Of course not! I am happy to hear from you.


I would leave everything alone until she is done with the property and she no longer holds any legal rights to be on it (You may want to double check this with your attorney just to be sure). But my take would be that if you remove the stuff now and she has a right to still be on the property, then she can claim you stole her items as a way of getting back at her. The least amount of conflict you can have with her until the property reverts back to you, the better.


Please contact me anytime you have something you need to talk about.
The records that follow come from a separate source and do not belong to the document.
Lemma coercive_eliminate A : (forall i k, (i < S n)%nat -> Rabs (a i k) <= A) ->
  coercive n (eliminate a k0) -> coercive (S n) a.
Proof.
  intros HA [K' [HK' HB']].
  set (q := / Rabs (a 0%nat k0)).
  assert (Hq : 0 < q) by (apply Rinv_0_lt_compat, Rabs_pos_lt, pivot_neq0).
  assert (HA0 : 0 <= A) by (eapply Rle_trans; [apply Rabs_pos | apply (HA 0%nat k0); lia]).
  assert (HAq : 0 <= 1 + A * q) by nra.
  set (Kc := K' * (1 + A * q)).
  assert (HKc : 0 <= Kc) by (apply Rmult_le_pos; assumption).
  exists (Kc + (1 + INR n * A * Kc) * q).
  assert (HnAK : 0 <= INR n * A * Kc)
    by (apply Rmult_le_pos; [apply Rmult_le_pos; [apply pos_INR|]|]; assumption).
  split; [nra|]. intros c B HB Hc.
  assert (Htail : forall i, (i < n)%nat -> Rabs (c (S i)) <= Kc * B).
  { intros i Hi. unfold Kc. rewrite Rmult_assoc.
    apply (HB' (fun i => c (S i))); [apply Rmult_le_pos; assumption | | exact Hi].
    intro k. rewrite lincomb_eliminate.
    eapply Rle_trans; [apply Rabs_sub_le|].
    unfold Rdiv. rewrite !Rabs_mult, Rabs_inv. fold q.
    assert (h1 := Hc k). assert (h2 := Hc k0). assert (h3 := HA 0%nat k ltac:(lia)).
    assert (Rabs (a 0%nat k) * q * Rabs (lincomb (S n) c a k0) <= A * q * B).
    { apply Rmult_le_compat; [| apply Rabs_pos | | exact h2].
      - pose proof (Rabs_pos (a 0%nat k)); nra.
      - apply Rmult_le_compat_r; lra. }
    lra. }
  (* c 0 * a 0 k0 is the pivot entry of the combination minus the tail *)
  assert (Hhead : Rabs (c 0%nat) <= (1 + INR n * A * Kc) * q * B).
  { set (U := lincomb n (fun i => c (S i)) (fun i => a (S i)) k0).
    assert (HU : Rabs U <= INR n * (Kc * B * A)).
    { apply sum_lt_abs_le. intros i Hi. rewrite Rabs_mult.
      apply Rmult_le_compat; auto using Rabs_pos. apply HA; lia. }
    assert (E : c 0%nat = (lincomb (S n) c a k0 - U) * / a 0%nat k0)
      by (unfold U, lincomb; cbn [sum_lt]; field; exact pivot_neq0).
    rewrite E, Rabs_mult, Rabs_inv. fold q.
    assert (Rabs (lincomb (S n) c a k0 - U) <= B + INR n * (Kc * B * A))
      by (eapply Rle_trans; [apply Rabs_sub_le | assert (h := Hc k0); lra]).
    nra. }
  intros [|i] Hi; [nra|].
  assert (h := Htail i ltac:(lia)).
  assert (0 <= (1 + INR n * A * Kc) * q * B) by (apply Rmult_le_pos; nra).
  nra.
Qed.

End Elimination.

Lemma dependent_or_coercive n : forall (a : nat -> Row -> R) A,
  (forall i k, (i < n)%nat -> Rabs (a i k) <= A) -> dependent n a \/ coercive n a.
Proof.
  induction n as [|n IH]; intros a A HA.
  - right. exists 0. split; [lra | intros; lia].
  - destruct (classic (exists k0, a 0%nat k0 <> 0)) as [[k0 Hk0] | Hzero].
    + destruct (IH (eliminate a k0) _ (eliminate_bounded n a k0 Hk0 A HA))
        as [Hdep | Hcoer].
      * left. exact (dependent_eliminate n a k0 Hk0 Hdep).
      * right. exact (coercive_eliminate n a k0 Hk0 A HA Hcoer).
    + left. exists (fun i => match i with O => 1 | _ => 0 end).
      split; [exists 0%nat; split; [lia | lra]|].
      intro k. unfold lincomb. cbn [sum_lt].
      assert (a 0%nat k = 0) by (apply NNPP; intro; apply Hzero; eauto).
      rewrite (sum_lt_ext n _ (fun _ => 0)) by (intros; lra).
      rewrite sum_lt_0. lra.
Qed.

End LinearCombinations.

Lemma fin_bounded d (g : Fin.t d -> R) : exists M, forall k, Rabs (g k) <= M.
Proof.
  induction d as [|d IH].
  - exists 0. intro k. inversion k.
  - destruct (IH (fun k => g (Fin.FS k))) as [M HM].
    exists (Rmax (Rabs (g Fin.F1)) M). intro k.
    apply (Fin.caseS' k (fun k => Rabs (g k) <= _)).
    + apply Rmax_l.
    + intro q. eapply Rle_trans; [apply HM | apply Rmax_r].
Qed.

Lemma family_bounded {d} (w : nat -> pt d) n :
  exists A, forall i k, (i < n)%nat -> Rabs (w i k) <= A.
Proof.
  induction n as [|n [A HA]].
  - exists 0. intros; lia.
  - destruct (fin_bounded d (w n)) as [M HM].
    exists (Rmax A M). intros i k Hi.
    destruct (Nat.eq_dec i n) as [->|].
    + eapply Rle_trans; [apply HM | apply Rmax_r].
    + eapply Rle_trans; [apply HA; lia | apply Rmax_l].
Qed.

Lemma bounded_diameter {d} (D : pt d -> Prop) : bounded D ->
  exists B, 0 <= B /\ forall x y, D x -> D y -> forall k, Rabs (x k - y k) <= B.
Proof.
  intros [M HM]. exists (2 * Rabs M). split; [pose proof (Rabs_pos M); lra|].
  intros x y Hx Hy k.
  assert (h1 := HM x Hx k). assert (h2 := HM y Hy k). assert (M <= Rabs M) by apply RRle_abs.
  eapply Rle_trans; [apply Rabs_sub_le | lra].
Qed.

Lemma iter_pt_map_in {d} m Omega P (v : nat -> pt d) idx :
  piecewise_translation m Omega P v idx ->
  forall x, Omega x -> forall n, Omega (Nat.iter n (pt_map v idx) x).
Proof.
  intros [_ [_ [_ [_ [_ [Hv Hidx]]]]]] x Hx n.
  induction n as [|n IH]; [exact Hx|].
  rewrite Nat.iter_succ. destruct (Hidx _ IH). apply Hv; assumption.
Qed.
Customer: replied 5 years ago.
Can I at least ask the friend who is coming to take care of her pets if he could move that stuff inside? Or would that be considered adding conflict? If you still say leave it alone, what can I do to not let it bug me? I know me its going to bug me and then I'll get mad at myself for letting my neice use and abuse my good nature all this time, and it will be one big vicious cycle on myself all negative.

You could ask the friend to move it in. Just be sure you have a witness to the interaction. I know it sounds overboard, but these things can get out of hand and escalate when emotions are involved and I am concerned about you getting hurt if they try to make an issue of it.


You could also ask her in writing (certified letter) to remove the items from the front porch. It may not get you anywhere, but it is worth a try.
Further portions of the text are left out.